__Records from a data collection__

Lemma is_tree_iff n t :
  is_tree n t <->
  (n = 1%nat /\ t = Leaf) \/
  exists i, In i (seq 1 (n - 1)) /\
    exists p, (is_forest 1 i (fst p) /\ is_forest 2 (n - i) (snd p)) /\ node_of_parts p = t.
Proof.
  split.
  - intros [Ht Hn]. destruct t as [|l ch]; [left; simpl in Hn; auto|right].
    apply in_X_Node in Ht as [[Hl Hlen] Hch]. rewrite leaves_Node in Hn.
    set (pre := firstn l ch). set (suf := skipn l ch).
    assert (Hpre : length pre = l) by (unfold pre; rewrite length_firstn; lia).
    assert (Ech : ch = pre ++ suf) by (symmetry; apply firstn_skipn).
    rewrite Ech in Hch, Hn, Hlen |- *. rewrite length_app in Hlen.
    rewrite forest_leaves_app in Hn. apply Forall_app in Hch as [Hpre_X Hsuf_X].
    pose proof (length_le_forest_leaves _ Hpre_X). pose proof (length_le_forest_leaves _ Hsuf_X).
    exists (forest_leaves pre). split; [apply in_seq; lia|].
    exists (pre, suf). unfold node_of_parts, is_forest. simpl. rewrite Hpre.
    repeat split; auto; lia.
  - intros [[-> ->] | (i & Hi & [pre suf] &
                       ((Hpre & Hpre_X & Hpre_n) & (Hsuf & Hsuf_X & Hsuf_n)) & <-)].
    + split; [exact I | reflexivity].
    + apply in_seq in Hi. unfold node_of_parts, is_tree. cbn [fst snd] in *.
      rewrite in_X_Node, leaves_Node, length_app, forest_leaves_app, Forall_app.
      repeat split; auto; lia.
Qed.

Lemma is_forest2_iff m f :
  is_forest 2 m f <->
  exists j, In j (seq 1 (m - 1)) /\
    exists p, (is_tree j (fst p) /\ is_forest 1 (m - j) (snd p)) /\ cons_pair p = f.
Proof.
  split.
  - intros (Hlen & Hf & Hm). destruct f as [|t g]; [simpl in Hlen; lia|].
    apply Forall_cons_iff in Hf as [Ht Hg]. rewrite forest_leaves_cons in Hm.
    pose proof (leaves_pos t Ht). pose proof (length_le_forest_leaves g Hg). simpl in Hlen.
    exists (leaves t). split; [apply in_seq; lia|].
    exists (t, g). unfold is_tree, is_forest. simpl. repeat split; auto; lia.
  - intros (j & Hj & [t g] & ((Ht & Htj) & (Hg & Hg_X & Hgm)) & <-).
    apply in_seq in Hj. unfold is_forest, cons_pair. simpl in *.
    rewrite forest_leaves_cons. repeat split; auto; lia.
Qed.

__TASK ITEM__
Pull out every line holding "Lemma" from the records above, and copy it.

__RESPONSE__
Lemma is_tree_iff n t :
Lemma is_forest2_iff m f :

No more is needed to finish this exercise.